◆ **WORK REQUEST**
Show each line of the records below where the word "Implicit" occurs.

◆ **INPUT DATA**
(* Let $\bm\delta=(\delta_1,\dots,\delta_4)$ be fixed positive reals and let $R_1,\dots,R_5\subseteq\mathbb{R}^2$ with $|R_i|\le n$ for every $i\in[5]$. If the number of pairs $(r_1,r_2)\in R_1\times R_2$ with $\|r_1-r_2\|=\delta_1$ is $O(n)$, or the number of pairs $(r_4,r_5)\in R_4\times R_5$ with $\|r_4-r_5\|=\delta_4$ is $O(n)$, then $C_4(R_1,\dots,R_5)=O\left(n\cdot u_2(n,n)\right)$.
   Context: For sets $P_1,\dots,P_5\subseteq\mathbb{R}^2$, $C_4(P_1,\dots,P_5)$ is the number of $5$-tuples $(p_1,\dots,p_5)$ with $p_i\in P_i$, $\|p_i-p_{i+1}\|=\delta_i$ for $i\in[4]$, and $p_i\ne p_j$ for $i\ne j$. $u_2(m,n)$ denotes the maximum, over sets $A$ of $m$ points and $B$ of $n$ points in $\mathbb{R}^2$, of the number of pairs $(a,b)\in A\times B$ at a given fixed distance (the maximum number of incidences between $m$ points and $n$ circles of a fixed radius). *)

From HB Require Import structures.
From mathcomp Require Import all_boot all_order all_algebra.
From mathcomp Require Import boolp classical_sets reals.
Set Implicit Arguments. Unset Strict Implicit. Unset Printing Implicit Defensive.
Import Order.TTheory GRing.Theory Num.Theory.
Local Open Scope ring_scope.
Local Open Scope classical_set_scope.

Definition dist2 (R : realType) (p q : R * R) : R :=
  Num.sqrt ((p.1 - q.1) ^+ 2 + (p.2 - q.2) ^+ 2).

(* Number of pairs (a,b) in A x B with ||a - b|| = d. Finite point sets are
   duplicate-free sequences. *)
Definition pair_count (R : realType) (d : R) (A B : seq (R * R)) : nat :=
  count (fun ab : (R * R) * (R * R) => dist2 ab.1 ab.2 == d)
        [seq (a, b) | a <- A, b <- B].

Definition C4 (R : realType) (d1 d2 d3 d4 : R)
    (P1 P2 P3 P4 P5 : seq (R * R)) : nat :=
  count (fun t : seq (R * R) =>
           match t with
           | [:: p1; p2; p3; p4; p5] =>
               [&& dist2 p1 p2 == d1, dist2 p2 p3 == d2,
                   dist2 p3 p4 == d3, dist2 p4 p5 == d4 & uniq t]
           | _ => false
           end)
    [seq p1 :: t1 | p1 <- P1, t1 <-
      [seq p2 :: t2 | p2 <- P2, t2 <-
        [seq p3 :: t3 | p3 <- P3, t3 <-
          [seq p4 :: t4 | p4 <- P4, t4 <- [seq [:: p5] | p5 <- P5]]]]].

(* u_2(m,n): maximum number of unit-distance pairs between a set of m points
   and a set of n points in the plane (the fixed distance is normalized to 1;
   by scaling the value is the same for any positive distance). *)
Definition u2 (R : realType) (m n : nat) : R :=
  sup [set x : R | exists A B : seq (R * R),
         [/\ uniq A, uniq B, size A = m, size B = n &
             x = (pair_count 1 A B)%:R]].

From HB Require Import structures.
From mathcomp Require Import all_boot all_order all_algebra.
From mathcomp Require Import boolp classical_sets reals.
From mathcomp Require Import ring lra.
Set Implicit Arguments. Unset Strict Implicit. Unset Printing Implicit Defensive.
Import Order.TTheory GRing.Theory Num.Theory.
Local Open Scope ring_scope.

(* Fix (p1, p2) with |p1 p2| = d1 and (p4, p5) with |p4 p5| = d4.  Since the five
   points are distinct, p2 <> p4, and p3 lies on the circle of radius d2 around p2
   and on the circle of radius d3 around p4; two circles with distinct centres share
   at most two points.  Hence C4 <= 2 * P(d1; R1, R2) * P(d4; R4, R5), where P counts
   pairs at the given distance.  One factor is at most K n by hypothesis, the other
   at most u2(n, n): rescale the pair to unit distance and pad both sets with fresh
   points up to exactly n points. *)

Lemma count_sumb (T : Type) (P : pred T) (s : seq T) :
  count P s = (\sum_(x <- s) P x)%N.
Proof. by rewrite -sum1_count big_mkcond; apply: eq_bigr => x _; case: (P x). Qed.

Lemma count_le2_of_no_three (T : eqType) (P : pred T) (s : seq T) :
  (forall x y z, P x -> P y -> P z -> x != y -> x != z -> y != z -> False) ->
  uniq s -> (count P s <= 2)%N.
Proof.
move=> no3 us; rewrite -size_filter.
have : uniq (filter P s) by exact: filter_uniq.
have : all P (filter P s) by exact: filter_all.
case: (filter P s) => [|x [|y [|z t]]] //= /and4P[Px Py Pz _].
rewrite !inE !negb_or => /and3P[/and3P[xy xz _] /andP[yz _] _].
by case: (no3 x y z Px Py Pz xy xz yz).
Qed.

Section PlaneVectors.
Variable R : realFieldType.
Implicit Types u v w a b p q x y z : R * R.

Definition dotp u v : R := u.1 * v.1 + u.2 * v.2.
Definition crossp u v : R := u.1 * v.2 - u.2 * v.1.
Definition sqdist p q : R := (p.1 - q.1) ^+ 2 + (p.2 - q.2) ^+ 2.

Lemma dotpC u v : dotp u v = dotp v u.
Proof. by rewrite /dotp mulrC [u.2 * _]mulrC. Qed.

Lemma dotpp_eq0 u : (dotp u u == 0) = (u == 0).
Proof.
case: u => u1 u2; rewrite /dotp /= -!expr2 paddr_eq0 ?sqr_ge0 // !sqrf_eq0.
by rewrite xpair_eqE.
Qed.

Lemma lagrange_identity u v :
  dotp u v ^+ 2 + crossp u v ^+ 2 = dotp u u * dotp v v.
Proof. by rewrite /dotp /crossp; ring. Qed.

Lemma dotp_crossp_eq0 u v : dotp u v = 0 -> crossp u v = 0 -> u = 0 \/ v = 0.
Proof.
move=> duv cuv; have /eqP := lagrange_identity u v.
rewrite duv cuv expr0n addr0 eq_sym mulf_eq0 !dotpp_eq0.
by case/orP => /eqP; [left | right].
Qed.

Lemma crossp_eq0_of_orthogonal w u v :
  w != 0 -> dotp w u = 0 -> dotp w v = 0 -> crossp u v = 0.
Proof.
case: w => w1 w2; rewrite xpair_eqE negb_and /dotp /= => /orP[] nz wu wv.
- apply: (mulfI nz); rewrite mulr0.
  have -> : w1 * crossp u v = v.2 * (w1 * u.1 + w2 * u.2) - u.2 * (w1 * v.1 + w2 * v.2).
    by rewrite /crossp; ring.
  by rewrite wu wv !mulr0 subrr.
- apply: (mulfI nz); rewrite mulr0.
  have -> : w2 * crossp u v = u.1 * (w1 * v.1 + w2 * v.2) - v.1 * (w1 * u.1 + w2 * u.2).
    by rewrite /crossp; ring.
  by rewrite wu wv !mulr0 subrr.
Qed.

Lemma no_three_common_points_of_circles a b (r s : R) x y z :
  a != b -> x != y -> x != z -> y != z ->
  sqdist a x = r -> sqdist a y = r -> sqdist a z = r ->
  sqdist x b = s -> sqdist y b = s -> sqdist z b = s -> False.
Proof.
(* All common points lie on a line orthogonal to u = b - a, whereas the chords
   xy and xz of the first circle have their midpoints on the line through a
   parallel to u; so y - z is both orthogonal and parallel to u. *)
move=> ab xy xz yz ax ay az xb yb zb.
set u := b - a.
have radical p q : sqdist a p = sqdist a q -> sqdist p b = sqdist q b ->
    dotp (p - q) u = 0.
  by rewrite /sqdist /dotp /u /=; lra.
have chord p q : sqdist a p = sqdist a q -> dotp (p - q) (p + q - a *+ 2) = 0.
  by rewrite /sqdist /dotp /=; lra.
have parallel p q : p != q -> sqdist a p = sqdist a q -> sqdist p b = sqdist q b ->
    crossp u (p + q - a *+ 2) = 0.
  move=> pq hpa hpb; apply: (crossp_eq0_of_orthogonal (w := p - q)).
  - by rewrite subr_eq0.
  - exact: radical.
  - exact: chord.
have cxy := parallel x y xy (etrans ax (esym ay)) (etrans xb (esym yb)).
have cxz := parallel x z xz (etrans ax (esym az)) (etrans xb (esym zb)).
have cyz : crossp u (y - z) = 0 by move: cxy cxz; rewrite /crossp /=; lra.
have dyz : dotp u (y - z) = 0 by rewrite dotpC radical ?ay ?az ?yb ?zb.
case: (dotp_crossp_eq0 dyz cyz) => /eqP; rewrite subr_eq0.
- by rewrite eq_sym (negPf ab).
- by rewrite (negPf yz).
Qed.

End PlaneVectors.

Section Counting.
Variable R : realType.
Implicit Types (a b p q : R * R) (A B : seq (R * R)).

Lemma sqdist_of_dist2 p q (d : R) : dist2 p q = d -> sqdist p q = d ^+ 2.
Proof. by move=> <-; rewrite sqr_sqrtr // addr_ge0 ?sqr_ge0. Qed.

Lemma count_common_neighbours_le2 a b (da db : R) s : a != b -> uniq s ->
  (count (fun p => (dist2 a p == da) && (dist2 p b == db)) s <= 2)%N.
Proof.
move=> ab; apply: count_le2_of_no_three => x y z.
move=> /andP[/eqP/sqdist_of_dist2 ax /eqP/sqdist_of_dist2 xb].
move=> /andP[/eqP/sqdist_of_dist2 ay /eqP/sqdist_of_dist2 yb].
move=> /andP[/eqP/sqdist_of_dist2 az /eqP/sqdist_of_dist2 zb].
move=> xy xz yz.
exact: (no_three_common_points_of_circles ab xy xz yz ax ay az xb yb zb).
Qed.

Lemma pair_countE (d : R) A B :
  pair_count d A B = (\sum_(a <- A) \sum_(b <- B) (dist2 a b == d))%N.
Proof. by rewrite /pair_count count_sumb big_allpairs. Qed.

Lemma C4E (d1 d2 d3 d4 : R) P1 P2 P3 P4 P5 :
  C4 d1 d2 d3 d4 P1 P2 P3 P4 P5 =
  (\sum_(p1 <- P1) \sum_(p2 <- P2) \sum_(p3 <- P3) \sum_(p4 <- P4) \sum_(p5 <- P5)
     [&& dist2 p1 p2 == d1, dist2 p2 p3 == d2, dist2 p3 p4 == d3,
         dist2 p4 p5 == d4 & uniq [:: p1; p2; p3; p4; p5]])%N.
Proof.
rewrite /C4 count_sumb big_allpairs_dep; apply: eq_bigr => p1 _.
rewrite big_allpairs_dep; apply: eq_bigr => p2 _.
rewrite big_allpairs_dep; apply: eq_bigr => p3 _.
rewrite big_allpairs_dep; apply: eq_bigr => p4 _.
by rewrite big_map.
Qed.

Lemma C4_summand_le (d1 d2 d3 d4 : R) p1 p2 p3 p4 p5 :
  ([&& dist2 p1 p2 == d1, dist2 p2 p3 == d2, dist2 p3 p4 == d3,
       dist2 p4 p5 == d4 & uniq [:: p1; p2; p3; p4; p5]]
   <= (dist2 p1 p2 == d1) * (dist2 p4 p5 == d4) *
      [&& p2 != p4, dist2 p2 p3 == d2 & dist2 p3 p4 == d3])%N.
Proof.
case: (dist2 p1 p2 == d1); case: (dist2 p2 p3 == d2);
  case: (dist2 p3 p4 == d3); case: (dist2 p4 p5 == d4); rewrite ?andbF //=.
by have [->|_] := eqVneq p2 p4; rewrite ?inE ?eqxx ?orbT ?andbF ?leq_b1.
Qed.

Lemma middle_count_le2 (d2 d3 : R) P3 p2 p4 : uniq P3 ->
  (\sum_(p3 <- P3) [&& p2 != p4, dist2 p2 p3 == d2 & dist2 p3 p4 == d3] <= 2)%N.
Proof.
move=> uP3; rewrite -count_sumb; have [->|p24] := eqVneq p2 p4.
  by rewrite (@eq_count _ _ pred0) ?count_pred0 // => p3 /=; rewrite eqxx.
exact: count_common_neighbours_le2.
Qed.

Lemma C4_le_pair_counts (d1 d2 d3 d4 : R) P1 P2 P3 P4 P5 : uniq P3 ->
  (C4 d1 d2 d3 d4 P1 P2 P3 P4 P5
   <= 2 * (pair_count d1 P1 P2 * pair_count d4 P4 P5))%N.
Proof.
move=> uP3; rewrite C4E.
apply: (@leq_trans (\sum_(p1 <- P1) \sum_(p2 <- P2) \sum_(p4 <- P4) \sum_(p5 <- P5)
                      (dist2 p1 p2 == d1) * (dist2 p4 p5 == d4) * 2)%N).
  apply: leq_sum => p1 _; apply: leq_sum => p2 _.
  rewrite exchange_big /=; under eq_bigr do rewrite exchange_big /=.
  apply: leq_sum => p4 _; apply: leq_sum => p5 _.
  apply: (@leq_trans (\sum_(p3 <- P3) (dist2 p1 p2 == d1) * (dist2 p4 p5 == d4) *
                        [&& p2 != p4, dist2 p2 p3 == d2 & dist2 p3 p4 == d3])%N).
    by apply: leq_sum => p3 _; apply: C4_summand_le.
  by rewrite -big_distrr leq_mul2l middle_count_le2 ?orbT.
apply: eq_leq; rewrite !pair_countE mulnC -mulnA big_distrl; apply: eq_bigr => p1 _.
rewrite big_distrl; apply: eq_bigr => p2 _.
rewrite big_distrl big_distrr; apply: eq_bigr => p4 _.
rewrite big_distrl big_distrr; apply: eq_bigr => p5 _.
by rewrite /= mulnA.
Qed.

End Counting.

Lemma exists_notin (T : eqType) (f : nat -> T) (finj : injective f) (s : seq T) :
  exists x, x \notin s.
Proof.
set t := [seq f i | i <- iota 0 (size s).+1].
have /allPn[x _ xs] : ~~ all (mem s) t.
  apply: contraTN (ltnSn (size s)) => /allP ts; rewrite -leqNgt.
  have <- : size t = (size s).+1 by rewrite size_map size_iota.
  by rewrite uniq_leq_size // map_inj_uniq ?iota_uniq.
by exists x.
Qed.

Lemma extend_uniq (T : eqType) (f : nat -> T) (finj : injective f) k (s : seq T) :
  uniq s -> exists t, uniq (s ++ t) /\ size t = k.
Proof.
elim: k s => [|k IHk] s us; first by exists [::]; rewrite cats0.
have [x xs] := exists_notin finj s.
have uxs : uniq (rcons s x) by rewrite rcons_uniq xs.
have [t [ut st]] := IHk (rcons s x) uxs.
by exists (x :: t); rewrite -cat_rcons /= st.
Qed.

Section UnitDistances.
Variable R : realType.
Implicit Types (p q : R * R) (A B : seq (R * R)).

Definition scalep (k : R) p := (k * p.1, k * p.2).

Lemma scalep_inj (k : R) : k != 0 -> injective (scalep k).
Proof. by move=> k0 [p1 p2] [q1 q2] [/(mulfI k0) -> /(mulfI k0) ->]. Qed.

Lemma dist2_scalep (k : R) p q : 0 <= k ->
  dist2 (scalep k p) (scalep k q) = k * dist2 p q.
Proof.
move=> k0; rewrite /dist2 /= -!mulrBr !exprMn -mulrDr sqrtrM ?sqr_ge0 //.
by rewrite sqrtr_sqr ger0_norm.
Qed.

Lemma pair_count_scalep (k d : R) A B : 0 < k ->
  pair_count (k * d) (map (scalep k) A) (map (scalep k) B) = pair_count d A B.
Proof.
move=> k0; rewrite !pair_countE big_map; apply: eq_bigr => a _.
rewrite big_map; apply: eq_bigr => b _.
by rewrite dist2_scalep ?ltW // (inj_eq (mulfI (lt0r_neq0 k0))).
Qed.

Lemma pair_count_cat (d : R) A B A' B' :
  (pair_count d A B <= pair_count d (A ++ A') (B ++ B'))%N.
Proof.
rewrite !pair_countE big_cat /=; apply: leq_trans (leq_addr _ _).
by apply: leq_sum => a _; rewrite big_cat leq_addr.
Qed.

Lemma pair_count_le_size (d : R) A B : (pair_count d A B <= size A * size B)%N.
Proof. by rewrite /pair_count -(size_allpairs pair) count_size. Qed.

Lemma pair_count1_le_u2 n A B : uniq A -> uniq B -> size A = n -> size B = n ->
  (pair_count 1 A B)%:R <= u2 R n n.
Proof.
move=> uA uB sA sB; apply: sup_upper_bound; last by exists A, B.
split; first by exists (pair_count 1 A B)%:R, A, B.
exists (n * n)%:R => _ [A' [B' [_ _ sA' sB' ->]]].
by rewrite ler_nat -{1}sA' -sB' pair_count_le_size.
Qed.

Lemma pair_count_le_u2 (d : R) n A B : 0 < d -> uniq A -> uniq B ->
  (size A <= n)%N -> (size B <= n)%N -> (pair_count d A B)%:R <= u2 R n n.
Proof.
move=> d0 uA uB sA sB; set k := d^-1.
have k0 : 0 < k by rewrite invr_gt0.
have finj : injective (fun i : nat => (i%:R, 0) : R * R).
  by move=> i j [/eqP]; rewrite eqr_nat => /eqP.
have kinj := scalep_inj (lt0r_neq0 k0).
have ukA : uniq (map (scalep k) A) by rewrite map_inj_uniq.
have ukB : uniq (map (scalep k) B) by rewrite map_inj_uniq.
have [A' [uA' sA']] := extend_uniq finj (n - size A) ukA.
have [B' [uB' sB']] := extend_uniq finj (n - size B) ukB.
rewrite -(pair_count_scalep d A B k0) mulVf ?lt0r_neq0 //.
apply: le_trans (pair_count1_le_u2 uA' uB' _ _); first by rewrite ler_nat pair_count_cat.
- by rewrite size_cat size_map sA' subnKC.
- by rewrite size_cat size_map sB' subnKC.
Qed.

End UnitDistances.

Lemma ler_pM_or (R : numDomainType) (a b k u : R) : 0 <= a -> 0 <= b ->
  a <= u -> b <= u -> a <= k \/ b <= k -> a * b <= k * u.
Proof.
move=> a0 b0 au bu [ak|bk]; first exact: ler_pM.
by rewrite mulrC ler_pM.
Qed.

Theorem lemma3p5 (R : realType) (d1 d2 d3 d4 : R)
  (hd1 : 0 < d1) (hd2 : 0 < d2) (hd3 : 0 < d3) (hd4 : 0 < d4) (K : R) :
  exists C : R, forall (n : nat) (R1 R2 R3 R4 R5 : seq (R * R)),
    uniq R1 -> uniq R2 -> uniq R3 -> uniq R4 -> uniq R5 ->
    (size R1 <= n)%N -> (size R2 <= n)%N -> (size R3 <= n)%N ->
    (size R4 <= n)%N -> (size R5 <= n)%N ->
    ((pair_count d1 R1 R2)%:R <= K * n%:R \/
     (pair_count d4 R4 R5)%:R <= K * n%:R) ->
    (C4 d1 d2 d3 d4 R1 R2 R3 R4 R5)%:R <= C * n%:R * u2 R n n.
Proof.
exists (2 * K) => n R1 R2 R3 R4 R5 uR1 uR2 uR3 uR4 uR5 sR1 sR2 _ sR4 sR5 sparse.
have hC4 := C4_le_pair_counts d1 d2 d3 d4 R1 R2 R4 R5 uR3.
rewrite -(ler_nat R) !natrM in hC4.
apply: (le_trans hC4); rewrite -!mulrA ler_pM2l // mulrA.
apply: ler_pM_or => //; exact: pair_count_le_u2.
Qed.
(* Let solutions $\psi_n$ of the KG equation concentrate at the trajectory $\hat{\mathbf r}$. Then the adjacent ergocenters $\mathbf r_n(t)$ of the solutions converge to $\hat{\mathbf r}(t)$ uniformly on $[T_-,T_+]$.
   Context: Fix constants $c>0$, $m>0$ and a real charge $q$. For parameters $\chi>0$, $a>0$ and a real electric potential $\varphi(t,\mathbf x)$, the KG equation is $-c^{-2}\tilde\partial_t^2\psi+\Delta\psi-G_a'(|\psi|^2)\psi-\kappa_0^2\psi=0$, $\tilde\partial_t=\partial_t+\mathrm i q\varphi/\chi$, $\kappa_0=mc/\chi$, with $G_a(s)=a^{-5}G_1(a^3s)$, where $G_1(0)=0$, $G_1'\in C^1((0,\infty))$, $\psi\mapsto G_1'(|\psi|^2)\psi$ extends to a $C^\alpha(\mathbb C)$ function and $\psi\mapsto G_1(|\psi|^2)$ is $C^{1+\alpha}(\mathbb C)$ for every $\alpha\in(0,1)$, with $|G_1(|\psi|^2)|\le C|\psi|^{1+\alpha}$, $|G_1'(|\psi|^2)||\psi|\le C|\psi|^\alpha$ for bounded $|\psi|$. $a_C=\chi/(mc)$. Energy density $\mathcal E=\frac{\chi^2}{2m}[c^{-2}|\tilde\partial_t\psi|^2+|\nabla\psi|^2+G_a(|\psi|^2)+\kappa_0^2|\psi|^2]$. $\nabla_{0,\mathbf x}=(c^{-1}\partial_t,\partial_1,\partial_2,\partial_3)$. Trajectory: $\hat{\mathbf r}\in C^2([T_-,T_+];\mathbb R^3)$ with $|\partial_t\hat{\mathbf r}|,|\partial_t^2\hat{\mathbf r}|\le C$; $R_n\to0$; $\Omega_n(t)=\{|\mathbf x-\hat{\mathbf r}(t)|\le R_n\}$, $\hat\Omega_n=\{(t,\mathbf x):t\in[T_-,T_+],\mathbf x\in\Omega_n(t)\}$. Localized KG equations: $a_n\to0$, $\chi_n\to0$, $a_{C,n}/a_n\le C$, $R_n/a_n\to\infty$; $\varphi_n\in C^2(\hat\Omega_n)$ with $\sup_{\hat\Omega_n}(|\varphi_n|+|\nabla_{0,\mathbf x}\varphi_n|)\le C$; a limit $\varphi_\infty(t,\mathbf x)=\varphi_\infty(t,\hat{\mathbf r}(t))+(\mathbf x-\hat{\mathbf r}(t))\cdot\nabla\varphi_\infty(t)$ with $\sup_{\hat\Omega_n}(|\varphi_n-\varphi_\infty|+|\nabla_{0,\mathbf x}(\varphi_n-\varphi_\infty)|)\to0$ and $|\varphi_\infty(t,\hat{\mathbf r}(t))|,|\nabla\varphi_\infty(t)|,|\partial_t\nabla\varphi_\infty(t)|\le C$. Concentrating solutions: $\psi_n\in C^2(\hat\Omega_n)$ solving KG with $(\chi_n,a_n,\varphi_n)$ in $\hat\Omega_n$ such that (i) $\max_t\int_{\Omega_n(t)}[a_C^2|\nabla_{0,\mathbf x}\psi_n|^2+a_C^2|G_a(|\psi_n|^2)|+|\psi_n|^2]d^3x\le C$; (ii) $\max_t\int_{\partial\Omega_n(t)}[\text{same integrand}]d^2\sigma\to0$; (iii) $\bar{\mathcal E}_n(t)=\int_{\Omega_n(t)}\mathcal E_nd^3x\ge c_0>0$ for $n\ge n_0$; (iv) $\bar{\mathcal E}_n(t_0)$ converges for some $t_0$. Adjacent ergocenter: $\mathbf r_n(t)=\bar{\mathcal E}_n(t)^{-1}\int_{\Omega_n(t)}\mathbf x\,\mathcal E_n\,d^3x$. *)

From mathcomp Require Import all_boot all_algebra.
From mathcomp Require Import all_classical all_reals all_analysis.
From mathcomp Require Export complex.
Import GRing.Theory Num.Theory numFieldTopology.Exports numFieldNormedType.Exports.

Set Implicit Arguments.
Unset Strict Implicit.
Unset Printing Implicit Defensive.

Local Open Scope ring_scope.
Local Open Scope complex_scope.
Local Open Scope classical_set_scope.

Notation R3 R := (R * R * R)%type.

Definition x1 {R : realType} (x : R3 R) : R := x.1.1.
Definition x2 {R : realType} (x : R3 R) : R := x.1.2.
Definition x3 {R : realType} (x : R3 R) : R := x.2.

Definition coord3 {R : realType} (i : nat) (x : R3 R) : R :=
  match i with 0%N => x1 x | 1%N => x2 x | _ => x3 x end.

Definition upd3 {R : realType} (i : nat) (x : R3 R) (s : R) : R3 R :=
  match i with
  | 0%N => (s, x2 x, x3 x)
  | 1%N => (x1 x, s, x3 x)
  | _ => (x1 x, x2 x, s)
  end.

Definition sub3 {R : realType} (x y : R3 R) : R3 R :=
  (x1 x - x1 y, x2 x - x2 y, x3 x - x3 y).

Definition dot3 {R : realType} (x y : R3 R) : R :=
  x1 x * x1 y + x2 x * x2 y + x3 x * x3 y.

Definition norm3 {R : realType} (x : R3 R) : R := Num.sqrt (dot3 x x).

Definition cball3 {R : realType} (c : R3 R) (r : R) : set (R3 R) :=
  [set x | norm3 (sub3 x c) <= r].

Definition leb3 (R : realType) :=
  ((@lebesgue_measure R) \x (@lebesgue_measure R) \x (@lebesgue_measure R))%E.

Definition vint3 {R : realType} (A : set (R3 R)) (f : R3 R -> R) : R :=
  Rintegral (@leb3 R) A f.

Definition sph3 {R : realType} (c : R3 R) (r th ph : R) : R3 R :=
  (x1 c + r * sin th * cos ph, x2 c + r * sin th * sin ph, x3 c + r * cos th).

(* surface integral over the sphere |x - c| = r (surface measure d^2 sigma),
   via the spherical parametrisation: d^2 sigma = r^2 sin th dth dph *)
Definition sint3 {R : realType} (c : R3 R) (r : R) (g : R3 R -> R) : R :=
  Rintegral ((@lebesgue_measure R) \x (@lebesgue_measure R))%E
    (`[0, pi] `*` `[0, 2 * pi])
    (fun p => g (sph3 c r p.1 p.2) * r ^+ 2 * sin p.1).

Definition cnorm2 {R : realType} (z : R[i]) : R :=
  complex.Re z ^+ 2 + complex.Im z ^+ 2.
Definition cabs {R : realType} (z : R[i]) : R := Num.sqrt (cnorm2 z).

(* real-valued fields f(t,x); k = 0 is time, k = 1,2,3 the space variables *)
Definition pdf {R : realType} (k : nat) (f : R -> R3 R -> R) (t : R) (x : R3 R) : R :=
  match k with
  | 0%N => derive1 (fun s => f s x) t
  | S i => derive1 (fun s => f t (upd3 i x s)) (coord3 i x)
  end.

Definition pdable {R : realType} (k : nat) (f : R -> R3 R -> R) (t : R) (x : R3 R) : Prop :=
  match k with
  | 0%N => derivable (fun s => f s x) t 1
  | S i => derivable (fun s => f t (upd3 i x s)) (coord3 i x) 1
  end.

Definition C1_on {R : realType} (S : set (R * R3 R)) (f : R -> R3 R -> R) : Prop :=
  {within S, continuous (fun p => f p.1 p.2)} /\
  forall k, (k < 4)%N ->
    (forall p, S p -> pdable k f p.1 p.2) /\
    {within S, continuous (fun p => pdf k f p.1 p.2)}.

Definition C2_on {R : realType} (S : set (R * R3 R)) (f : R -> R3 R -> R) : Prop :=
  C1_on S f /\ forall k, (k < 4)%N -> C1_on S (pdf k f).

Definition reF {R : realType} (psi : R -> R3 R -> R[i]) : R -> R3 R -> R :=
  fun t x => complex.Re (psi t x).
Definition imF {R : realType} (psi : R -> R3 R -> R[i]) : R -> R3 R -> R :=
  fun t x => complex.Im (psi t x).

Definition cpd {R : realType} (k : nat) (psi : R -> R3 R -> R[i]) : R -> R3 R -> R[i] :=
  fun t x => (pdf k (reF psi) t x) +i* (pdf k (imF psi) t x).

Definition cC2_on {R : realType} (S : set (R * R3 R)) (psi : R -> R3 R -> R[i]) : Prop :=
  C2_on S (reF psi) /\ C2_on S (imF psi).

Definition grad_sq {R : realType} (psi : R -> R3 R -> R[i]) (t : R) (x : R3 R) : R :=
  cnorm2 (cpd 1 psi t x) + cnorm2 (cpd 2 psi t x) + cnorm2 (cpd 3 psi t x).

Definition grad0_sq {R : realType} (c : R) (psi : R -> R3 R -> R[i]) (t : R) (x : R3 R) : R :=
  c ^-2 * cnorm2 (cpd 0 psi t x) + grad_sq psi t x.

Definition grad0_norm {R : realType} (c : R) (f : R -> R3 R -> R) (t : R) (x : R3 R) : R :=
  Num.sqrt (c ^-2 * pdf 0 f t x ^+ 2 + pdf 1 f t x ^+ 2 + pdf 2 f t x ^+ 2
            + pdf 3 f t x ^+ 2).

Definition lapl {R : realType} (psi : R -> R3 R -> R[i]) : R -> R3 R -> R[i] :=
  fun t x => cpd 1 (cpd 1 psi) t x + cpd 2 (cpd 2 psi) t x + cpd 3 (cpd 3 psi) t x.

Definition covdt {R : realType} (q chi : R) (phi : R -> R3 R -> R)
  (psi : R -> R3 R -> R[i]) : R -> R3 R -> R[i] :=
  fun t x => cpd 0 psi t x + 'i * ((q * phi t x / chi)%:C) * psi t x.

◆ **SOLUTION**
Set Implicit Arguments. Unset Strict Implicit. Unset Printing Implicit Defensive.
Set Implicit Arguments. Unset Strict Implicit. Unset Printing Implicit Defensive.
Implicit Types u v w a b p q x y z : R * R.
Implicit Types (a b p q : R * R) (A B : seq (R * R)).
Implicit Types (p q : R * R) (A B : seq (R * R)).
Set Implicit Arguments.
Unset Strict Implicit.
Unset Printing Implicit Defensive.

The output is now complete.